-- Provided records --
Lemma cont_of_approx_cont h : (forall v, inO v -> approx_cont h v) -> contObar absF absK h.
Proof.
move=> h_cont v v_in eps eps_gt0.
pose c := absK (h v); have c_ge0 : 0 <= c by exact: abs_ge0.
pose e := Num.min (1/2) (eps / (c + 1)).
have e_gt0 : 0 < e by rewrite lt_min; apply/andP; split; [lra | rewrite divr_gt0 //; lra].
have e_lt1 : e < 1 by rewrite gt_min; apply/orP; left; lra.
have e_le : e <= eps / (c + 1) by rewrite ge_min lexx orbT.
have [N hN] := h_cont v v_in e e_gt0 e_lt1.
exists ((\prod_t absF t (pi t)) ^+ N); first by apply/exprn_gt0/prodr_gt0.
have prod_ge0 : 0 <= \prod_t absF t (pi t) by apply: prodr_ge0 => t _; exact: ltW.
move=> y y_in yv; apply: le_lt_trans (hN y y_in _) _.
  move=> t; apply/ltW/(lt_le_trans (yv t)).
  by apply: lerXn2r; rewrite ?nnegrE ?prod_ge0 ?(ltW (pi_gt0 t)) ?prod_pi_le.
have c1_neq0 : c + 1 != 0 by rewrite gt_eqF //; lra.
have q : eps / (c + 1) * c = eps - eps / (c + 1) by field.
have : 0 < eps / (c + 1) by rewrite divr_gt0 //; lra.
have : e * c <= eps / (c + 1) * c by exact: ler_wpM2r.
rewrite -/c; lra.
Qed.

Lemma approx_contM (a b : X -> K) v :
  approx_cont a v -> approx_cont b v -> approx_cont (fun z => a z * b z) v.
Proof.
move=> a_cont b_cont eps eps_gt0 eps_lt1.
have [Na hNa] := a_cont eps eps_gt0 eps_lt1; have [Nb hNb] := b_cont eps eps_gt0 eps_lt1.
exists (maxn Na Nb) => z z_in zv /=; apply: (approxM habsK eps_lt1).
  by apply: hNa => //; apply: eqmod_le zv; exact: leq_maxl.
by apply: hNb => //; apply: eqmod_le zv; exact: leq_maxr.
Qed.

Lemma approx_contV (a : X -> K) v : approx_cont a v -> approx_cont (fun z => (a z)^-1) v.
Proof.
move=> a_cont eps eps_gt0 eps_lt1; have [N hN] := a_cont eps eps_gt0 eps_lt1.
by exists N => z z_in zv; exact: (approxV habsK (ltW eps_gt0) eps_lt1 (hN z z_in zv)).
Qed.

Lemma approx_cont_negO (a : X -> K) v :
  approx_cont a (negO v) -> approx_cont (fun z => a (negO z)) v.
Proof.
move=> a_cont eps eps_gt0 eps_lt1; have [N hN] := a_cont eps eps_gt0 eps_lt1.
by exists N => z z_in zv; apply: hN; [exact: inObar_neg | exact: eqmod_neg].
Qed.

Lemma approx_cont_nshift (a : X -> K) v : inO v ->
  approx_cont a (nshift v) -> approx_cont (fun z => a (nshift z)) v.
Proof.
move=> v_in a_cont eps eps_gt0 eps_lt1; have [N hN] := a_cont eps eps_gt0 eps_lt1.
exists N.+1 => z z_in zv; apply: hN; first exact: inObar_nshift.
apply/eqmod_neg/(eqmod_shift (inObar_neg z_in) (inObar_neg v_in)).
exact: eqmod_neg.
Qed.

Lemma eq_approx_cont (a b : X -> K) v : (forall z, inO z -> a z = b z) -> inO v ->
  approx_cont a v -> approx_cont b v.
Proof.
move=> ab v_in a_cont eps eps_gt0 eps_lt1; have [N hN] := a_cont eps eps_gt0 eps_lt1.
by exists N => z z_in zv; rewrite -!ab //; apply: hN.
Qed.

Section Livsic.
Variable f : X -> K.
Hypothesis f_cont : forall v, inO v -> approx_cont f v.
Hypothesis f_neq0 : forall v, inO v -> f v != 0.
Hypothesis f_periodic : forall n x, inO x -> iter n shift x = x ->
  \prod_(j < n) f (iter j shift x) = 1.

Definition bprod n x := \prod_(j < n) f (iter j shift x).

Lemma bprodS n x : bprod n.+1 x = f x * bprod n (shift x).
Proof. by rewrite /bprod big_ord_recl; congr (_ * _); apply: eq_bigr => j _; rewrite iterSr. Qed.

Lemma bprodD a b x : bprod (a + b) x = bprod a x * bprod b (iter a shift x).
Proof.
elim: a x => [|a IHa] x; first by rewrite /bprod big_ord0 mul1r.
by rewrite addSn !bprodS IHa mulrA iterSr.
Qed.

Lemma bprod_neq0 n x : inO x -> bprod n x != 0.
Proof. by move=> x_in; apply/prodf_neq0 => j _; apply/f_neq0/inObar_iter_shift. Qed.

Lemma f_fixpt : f fixpt = 1.
Proof.
have := f_periodic inObar_fixpt (iter_shift_fixpt 1).
by rewrite big_ord_recl big_ord0 mulr1.
Qed.

Definition backward_prod L z := bprod L (splice L fixpt z).

Lemma backward_prodS L z : inO z ->
  backward_prod L.+1 z = f (splice L.+1 fixpt z) * backward_prod L z.
Proof.
by move=> z_in; rewrite /backward_prod bprodS shift_spliceS ?shift_fixpt //; exact: inObar_fixpt.
Qed.

Lemma backward_prod_neq0 L z : inO z -> backward_prod L z != 0.
Proof. by move=> z_in; apply/bprod_neq0/inObar_splice => //; exact: inObar_fixpt. Qed.

Section Eps.
Variable eps : R.
Hypotheses (eps_gt0 : 0 < eps) (eps_lt1 : eps < 1).

Lemma f_splice_fixpt_near1 : exists N, forall z r, inO z -> (N <= r)%N ->
  approx absK eps (f (splice r fixpt z)) 1.
Proof.
have [N hN] := f_cont inObar_fixpt eps_gt0 eps_lt1.
exists N => z r z_in le_Nr; rewrite -f_fixpt; apply: hN.
  by apply: inObar_splice z_in; exact: inObar_fixpt.
apply: eqmod_le le_Nr _; rewrite -{2}(splice_fixpt r).
exact: (eqmod_splice_prefix r fixpt z_in inObar_fixpt).
Qed.

Lemma f_splice_fixpt_cont v : inO v -> exists N, forall z, inO z -> eqmod N z v ->
  forall r, approx absK eps (f (splice r fixpt z)) (f (splice r fixpt v)).
Proof.
move=> v_in; have [N0 hN0] := f_splice_fixpt_near1.
have /fin_all_exists [N_ hN_] : forall r : 'I_N0, exists N, forall x, inO x ->
    eqmod N x (splice r fixpt v) -> approx absK eps (f x) (f (splice r fixpt v)).
  by move=> r; apply: f_cont => //; apply: inObar_splice v_in; exact: inObar_fixpt.
exists (\max_r N_ r) => z z_in zv r.
have [lt_rN0 | le_N0r] := ltnP r N0.
  apply: (hN_ (Ordinal lt_rN0)); first by apply: inObar_splice z_in; exact: inObar_fixpt.
  by apply/eqmod_splice/(eqmod_le _ zv); exact: (leq_bigmax (Ordinal lt_rN0)).
apply: (approx_trans habsK eps_lt1 (hN0 z r z_in le_N0r)).
exact/(approx_sym habsK eps_lt1)/hN0.
Qed.

Lemma backward_prod_cont v : inO v -> exists N, forall z, inO z -> eqmod N z v ->
  forall L, approx absK eps (backward_prod L z) (backward_prod L v).
Proof.
move=> v_in; have [N hN] := f_splice_fixpt_cont v_in.
exists N => z z_in zv; elim=> [|L IHL].
  by rewrite /backward_prod /bprod !big_ord0; exact/approx_refl/ltW.
by rewrite !backward_prodS //; apply: (approxM habsK eps_lt1) => //; exact: hN.
Qed.

Lemma backward_prod_cauchy : exists N, forall z L L', inO z -> (N <= L)%N -> (N <= L')%N ->
  approx absK eps (backward_prod L z) (backward_prod L' z).
Proof.
have [N hN] := f_splice_fixpt_near1.
have near_N z k : inO z -> approx absK eps (backward_prod (N + k) z) (backward_prod N z).
  move=> z_in; elim: k => [|k IHk]; first by rewrite addn0; exact/approx_refl/ltW.
  rewrite addnS backward_prodS // -[backward_prod N z]mul1r.
  by apply: (approxM habsK eps_lt1) => //; apply: hN => //; rewrite -addnS leq_addr.
exists N => z L L' z_in le_NL le_NL'; rewrite -(subnKC le_NL) -(subnKC le_NL').
exact/(approx_trans habsK eps_lt1 (near_N z _ z_in))/(approx_sym habsK eps_lt1)/near_N.
Qed.

Lemma bprod_splice_cont M w v : inO w -> inO v -> exists N, forall z, inO z -> eqmod N z v ->
  approx absK eps (bprod M (splice M w z)) (bprod M (splice M w v)).
Proof.
move=> + v_in; elim: M w => [|M IHM] w w_in.
  by exists 0%N => z _ _; rewrite /bprod !big_ord0; exact/approx_refl/ltW.
have [N1 hN1] := f_cont (inObar_splice M.+1 w_in v_in) eps_gt0 eps_lt1.
have [N2 hN2] := IHM _ (inObar_shift w_in).
exists (maxn N1 N2) => z z_in zv; rewrite !bprodS !shift_spliceS //.
apply: (approxM habsK eps_lt1); last by apply: hN2 => //; apply: eqmod_le zv; exact: leq_maxr.
apply: hN1; first exact: inObar_splice.
by apply/eqmod_splice/(eqmod_le _ zv); exact: leq_maxl.
Qed.

End Eps.

(* [livsic_sol z = \prod_(j >= 1) f (splice j fixpt z)]. *)
Definition livsic_sol z := abs_lim absK (backward_prod ^~ z).

Lemma livsic_sol_approx z eps : inO z -> 0 < eps -> eps < 1 ->
  exists N, forall L, (N <= L)%N -> approx absK eps (livsic_sol z) (backward_prod L z).
Proof.
move=> z_in; apply: approx_abs_lim => // [L | e e_gt0 e_lt1].
  exact: backward_prod_neq0.
by have [N hN] := backward_prod_cauchy e_gt0 e_lt1; exists N => L L'; exact: hN.
Qed.

Lemma livsic_sol_neq0 z : inO z -> livsic_sol z != 0.
Proof.
move=> z_in; have half_gt0 : 0 < 1/2 :> R by lra.
have half_lt1 : 1/2 < 1 :> R by lra.
have [N hN] := livsic_sol_approx z_in half_gt0 half_lt1.
by apply: (approx_neq0 habsK half_lt1 (hN N (leqnn N))); exact: backward_prod_neq0.
Qed.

-- Task prompt --
Exact duplication is required for the lines above, from the line that contains "exact: (eqmod_splice_prefix r" to the line that contains "eqmod N x (splice", inclusive; omit all others.

-- Result of the task --
exact: (eqmod_splice_prefix r fixpt z_in inObar_fixpt).
Qed.

Lemma f_splice_fixpt_cont v : inO v -> exists N, forall z, inO z -> eqmod N z v ->
  forall r, approx absK eps (f (splice r fixpt z)) (f (splice r fixpt v)).
Proof.
move=> v_in; have [N0 hN0] := f_splice_fixpt_near1.
have /fin_all_exists [N_ hN_] : forall r : 'I_N0, exists N, forall x, inO x ->
    eqmod N x (splice r fixpt v) -> approx absK eps (f x) (f (splice r fixpt v)).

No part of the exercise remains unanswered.